This confirmed our approach. The jury wasn’t just spitting out random numbers, it was successfully identifying the same strengths and weaknesses our expert did. This gave us confidence that we could rely on this automated process for future testing.

The Killer Metric: Several hours vs. < 1 minute

The most game-changing discovery wasn’t just that the AI Jury worked, but how fast it worked.

Human expert

Several hours of painstaking, manual classification and comparison.

AI Jury

Less than 1 minute for all three jurors to evaluate all 9 models.

This is the force multiplier we were looking for. We now had a method to validate our work that was over 180 times faster than our original process. This speed unlocked the ability to do things that were previously impossible. We could now run a full evaluation every time we tweaked a prompt, test a new model the day it’s released, or run continuous quality monitoring. All at a fraction of the human cost and time.

What we learned

This two-part experiment yielded a crucial insight: our final deliverable wasn’t just an optimized model, but an entirely new, scalable process for testing and validation. Our key takeaways have less to do with any single model and more to do with a modern strategy for applying AI.

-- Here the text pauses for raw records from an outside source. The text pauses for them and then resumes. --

Lemma Rabs_lin_le c d x y eps : 0 < eps ->
  Rabs x <= eps / (Rabs c + Rabs d + 1) -> Rabs y <= eps / (Rabs c + Rabs d + 1) ->
  Rabs (c * x + d * y) <= eps.
Proof.
  intros He Hx Hy. set (K := Rabs c + Rabs d + 1) in *.
  assert (HK : 0 < K) by (unfold K; generalize (Rabs_pos c) (Rabs_pos d); lra).
  eapply Rle_trans. apply Rabs_triang. rewrite !Rabs_mult.
  assert (Rabs c * Rabs x <= Rabs c * (eps / K)) by (apply Rmult_le_compat_l; auto; apply Rabs_pos).
  assert (Rabs d * Rabs y <= Rabs d * (eps / K)) by (apply Rmult_le_compat_l; auto; apply Rabs_pos).
  assert (0 < eps / K) by (apply Rdiv_lt_0_compat; lra).
  assert (eps = K * (eps / K)) by (field; lra).
  assert (K * (eps / K) = Rabs c * (eps / K) + Rabs d * (eps / K) + eps / K) by (unfold K; ring).
  lra.
Qed.

Lemma iter_mul {A : Type} (Y : A -> A) m p x :
  Nat.iter (m * p) Y x = Nat.iter p (Nat.iter m Y) x.
Proof.
  induction p as [|p IH]. rewrite Nat.mul_0_r. reflexivity.
  replace (m * S p)%nat with (m + m * p)%nat by lia. rewrite Nat.iter_add, IH. reflexivity.
Qed.

Lemma small_time_bound C eps t : 0 <= C -> 0 < eps -> 0 <= t < eps / (2 * (C + 1)) ->
  t * C <= eps / 2.
Proof.
  intros HC He [Ht1 Ht2]. apply (Rmult_lt_compat_r (2 * (C + 1))) in Ht2; [|lra].
  replace (eps / (2 * (C + 1)) * (2 * (C + 1))) with eps in Ht2 by (field; lra). nra.
Qed.

Lemma cosh_pos x : 0 < cosh x.
Proof. unfold cosh. generalize (exp_pos x) (exp_pos (-x)). lra. Qed.

Lemma sinh_pos x : 0 < x -> 0 < sinh x.
Proof. intros H. rewrite <- sinh_0. apply sinh_lt; auto. Qed.

Lemma sinh_nonpos x : x <= 0 -> sinh x <= 0.
Proof.
  intros H. rewrite <- sinh_0. destruct (Req_dec x 0) as [->|]; [lra|]. left; apply sinh_lt; lra.
Qed.

Lemma cosh_le s t : 0 <= s -> s <= t -> cosh s <= cosh t.
Proof.
  intros Hs Hst. unfold cosh. rewrite !exp_Ropp.
  assert (E1 : exp s <= exp t) by (destruct (Req_dec s t) as [->|]; [lra | left; apply exp_increasing; lra]).
  assert (E2 : 1 <= exp s * exp t).
  { rewrite <- exp_plus, <- exp_0. destruct (Req_dec (s + t) 0) as [->|]; [lra|].
    left; apply exp_increasing; lra. }
  assert (Ps := exp_pos s). assert (Pt := exp_pos t).
  assert (exp t + / exp t - (exp s + / exp s) = (exp t - exp s) * (exp s * exp t - 1) / (exp s * exp t))
    by (field; lra).
  assert (0 <= (exp t - exp s) * (exp s * exp t - 1) / (exp s * exp t)).
  { apply Rmult_le_pos. apply Rmult_le_pos; lra. left; apply Rinv_0_lt_compat; nra. }
  lra.
Qed.

Lemma cosh_le_3sinh z : 1 <= z -> cosh z <= 3 * sinh z.
Proof.
  intros Hz. unfold cosh, sinh. rewrite exp_Ropp.
  assert (H1 : 1 + 2 * z < exp (2 * z)) by (apply exp_ineq1; lra).
  replace (2 * z) with (z + z) in H1 by ring. rewrite exp_plus in H1.
  assert (P := exp_pos z).
  assert (3 * ((exp z - / exp z) / 2) - (exp z + / exp z) / 2 = (exp z * exp z - 2) / exp z)
    by (field; lra).
  assert (0 <= (exp z * exp z - 2) / exp z)
    by (apply Rmult_le_pos; [lra | left; apply Rinv_0_lt_compat; lra]).
  lra.
Qed.

Lemma is_derive_cosh_affine c d x : is_derive (fun t => cosh (c * t + d)) x (c * sinh (c * x + d)).
Proof. unfold cosh, sinh. auto_derive; auto. field. Qed.

Lemma is_derive_sinh_affine c d x : is_derive (fun t => sinh (c * t + d)) x (c * cosh (c * x + d)).
Proof. unfold cosh, sinh. auto_derive; auto. field. Qed.

Lemma is_derive_eq (f : R -> R) (x d d' : R) : is_derive f x d -> d = d' -> is_derive f x d'.
Proof. intros H <-; auto. Qed.

Lemma is_derive_Rmult (f g : R -> R) (x df dg : R) : is_derive f x df -> is_derive g x dg ->
  is_derive (fun t => f t * g t) x (df * g x + f x * dg).
Proof. intros. apply (is_derive_mult f g x df dg); auto. intros; apply Rmult_comm. Qed.

Lemma is_derive_Rplus (f g : R -> R) (x df dg : R) : is_derive f x df -> is_derive g x dg ->
  is_derive (fun t => f t + g t) x (df + dg).
Proof. intros. apply (is_derive_plus f g x df dg); auto. Qed.

Lemma is_derive_Rminus (f g : R -> R) (x df dg : R) : is_derive f x df -> is_derive g x dg ->
  is_derive (fun t => f t - g t) x (df - dg).
Proof. intros. apply (is_derive_minus f g x df dg); auto. Qed.

Lemma is_derive_Rscal (c : R) (f : R -> R) (x df : R) : is_derive f x df ->
  is_derive (fun t => c * f t) x (c * df).
Proof. intros. apply is_derive_scal; auto. Qed.

Lemma is_derive_Rdiv_const (c : R) (f : R -> R) (x df : R) : is_derive f x df ->
  is_derive (fun t => f t / c) x (df / c).
Proof.
  intros H. apply (is_derive_ext (fun t => / c * f t)).
  - intros t. unfold Rdiv. apply Rmult_comm.
  - replace (df / c) with (/ c * df) by (unfold Rdiv; ring). apply is_derive_scal; auto.
Qed.

Lemma is_derive_continuity_pt (f : R -> R) (x l : R) : is_derive f x l -> continuity_pt f x.
Proof. intros H. apply continuity_pt_filterlim, (ex_derive_continuous f x). exists l; auto. Qed.

Lemma continuous_Rlin (f g : R -> R) (x c d : R) : continuous f x -> continuous g x ->
  continuous (fun t => c * f t + d * g t) x.
Proof.
  intros Hf Hg.
  apply (continuous_ext (fun t : R => @plus R_NormedModule (@scal R_AbsRing R_NormedModule c (f t))
                                                   (@scal R_AbsRing R_NormedModule d (g t)))).
  intros; reflexivity.
  apply (@continuous_plus R_UniformSpace R_AbsRing R_NormedModule);
    apply (@continuous_scal_r R_UniformSpace R_AbsRing R_NormedModule); auto.
Qed.

Lemma RInt_Rlin (f g : R -> R) c d x y : ex_RInt f x y -> ex_RInt g x y ->
  RInt (fun t => c * f t + d * g t) x y = c * RInt f x y + d * RInt g x y.
Proof.
  intros Hf Hg.
  rewrite (RInt_ext _ (fun t => plus (scal c (f t)) (scal d (g t)))) by reflexivity.
  rewrite (@RInt_plus R_CompleteNormedModule), !(@RInt_scal R_CompleteNormedModule); auto;
    apply (@ex_RInt_scal R_CompleteNormedModule); auto.
Qed.

Lemma RInt_point_R (f : R -> R) b : RInt f b b = 0.
Proof. apply (@RInt_point R_CompleteNormedModule). Qed.

Lemma RInt_zero_R x y : RInt (fun _ => 0) x y = 0.
Proof.
  rewrite (@RInt_const R_CompleteNormedModule). apply (@scal_zero_r R_AbsRing R_NormedModule).
Qed.

Lemma is_derive_zero_inside F t l lo hi : lo < t < hi -> (forall s, lo < s < hi -> F s = 0) ->
  is_derive F t l -> l = 0.
Proof.
  intros Ht HF HD.
  assert (H0 : is_derive F t 0).
  { apply (is_derive_ext_loc (fun _ => 0)).
    - assert (Hpos : 0 < Rmin (t - lo) (hi - t)) by (apply Rmin_pos; lra).
      exists (mkposreal _ Hpos). intros s Hs. assert (Hs' : Rabs (s - t) < Rmin (t - lo) (hi - t)) by apply Hs.
      generalize (Rmin_l (t - lo) (hi - t)) (Rmin_r (t - lo) (hi - t)). intros.
      symmetry. apply HF. Rabs_lra.
    - auto_derive; auto. }
  rewrite <- (is_derive_unique _ _ _ HD). apply is_derive_unique; auto.
Qed.

Lemma continuity_pt_zero_inside F t0 lo hi : lo < hi -> (t0 = lo \/ t0 = hi) ->
  continuity_pt F t0 -> (forall s, lo < s < hi -> F s = 0) -> F t0 = 0.
Proof.
  intros Hlh Ht0 HC HF. destruct (Req_dec (F t0) 0) as [|Hn]; auto. exfalso.
  destruct (HC _ (Rabs_pos_lt _ Hn)) as [d [Hd K]].
  set (m := Rmin d (hi - lo) / 2).
  generalize (Rmin_l d (hi - lo)) (Rmin_r d (hi - lo)) (Rmin_pos d (hi - lo) Hd ltac:(lra)). intros.
  assert (Hs : exists s, lo < s < hi /\ s <> t0 /\ Rabs (s - t0) < d).
  { destruct Ht0 as [->| ->]; [exists (lo + m) | exists (hi - m)];
      unfold m; repeat split; try lra; apply Rabs_lt_between; lra. }
  destruct Hs as [s [Hs [Hne Hsd]]].
  specialize (K s (conj (conj I (not_eq_sym Hne)) Hsd)). simpl in K. unfold R_dist in K.
  rewrite HF in K by auto. rewrite Rminus_0_l, Rabs_Ropp in K. lra.
Qed.
(* For every integer $n\ge 2$, $$\operatorname{op}_{[2,\underbrace{1,\dots,1}_{n-2}]}(123) = \frac{3(n-1)\binom{2n-2}{n-1}}{n(n+1)}.$$
   Context: An ordered set partition of $[N]$ into $k$ blocks is a sequence $B_1/B_2/\cdots/B_k$ of nonempty, pairwise disjoint subsets of $[N]$ whose union is $[N]$; the order of the blocks matters, but not the order of elements within a block. For a permutation $\rho=\rho_1\cdots\rho_m\in\mathcal{S}_m$, an ordered partition $B_1/\cdots/B_k$ contains $\rho$ if there are block indices $i_1<i_2<\cdots<i_m$ and elements $b_j\in B_{i_j}$ such that $b_1\cdots b_m$ is order-isomorphic to $\rho$; otherwise it avoids $\rho$. For positive integers $b_1,\dots,b_k$, $\operatorname{op}_{[b_1,\dots,b_k]}(\rho)$ is the number of $\rho$-avoiding ordered partitions $B_1/\cdots/B_k$ of $[b_1+\cdots+b_k]$ with $|B_i|=b_i$ for all $i$. Thus $\operatorname{op}_{[2,1,\dots,1]}(123)$ (with $n-2$ ones) counts $123$-avoiding ordered partitions of $[n]$ whose first block has size $2$ and all other $n-2$ blocks have size $1$. *)

From mathcomp Require Import all_boot all_order all_algebra all_fingroup.
Set Implicit Arguments. Unset Strict Implicit. Unset Printing Implicit Defensive.

(* Elements of [N] are represented 0-based by 'I_N (order preserved);
   blocks B_1/.../B_k are indexed by 'I_k. *)

Definition ordered_partition (N k : nat) (B : {ffun 'I_k -> {set 'I_N}}) : bool :=
  [forall i, B i != set0] &&
  [forall i, forall j, (i != j) ==> [disjoint B i & B j]] &&
  (\bigcup_(i < k) B i == [set: 'I_N]).

Definition contains_pat (N k m : nat) (rho : 'S_m) (B : {ffun 'I_k -> {set 'I_N}}) : bool :=
  [exists idx : {ffun 'I_m -> 'I_k}, exists el : {ffun 'I_m -> 'I_N},
     [forall j : 'I_m, forall j' : 'I_m, (j < j')%N ==> (idx j < idx j')%N] &&
     [forall j : 'I_m, el j \in B (idx j)] &&
     [forall j : 'I_m, forall j' : 'I_m, ((el j < el j')%N == (rho j < rho j')%N)]].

Key Insight 1: High accuracy doesn’t always mean high cost

Our initial hypothesis was that accuracy was king, and we stuck to that. We would have chosen a more expensive, flagship model if it was the only one that could deliver 100% accuracy.

The surprising discovery was that we didn’t have to. For a task like complex document classification and data extraction, even the cheaper, smaller models like GPT-5 Nano were already performing at a very high level. The difference wasn’t a huge gap in accuracy, but minor “quirks”. Through iterative prompt engineering, we were able to tweak GPT-5 Nano to eliminate those issues and achieve the perfect, expert-level results we required.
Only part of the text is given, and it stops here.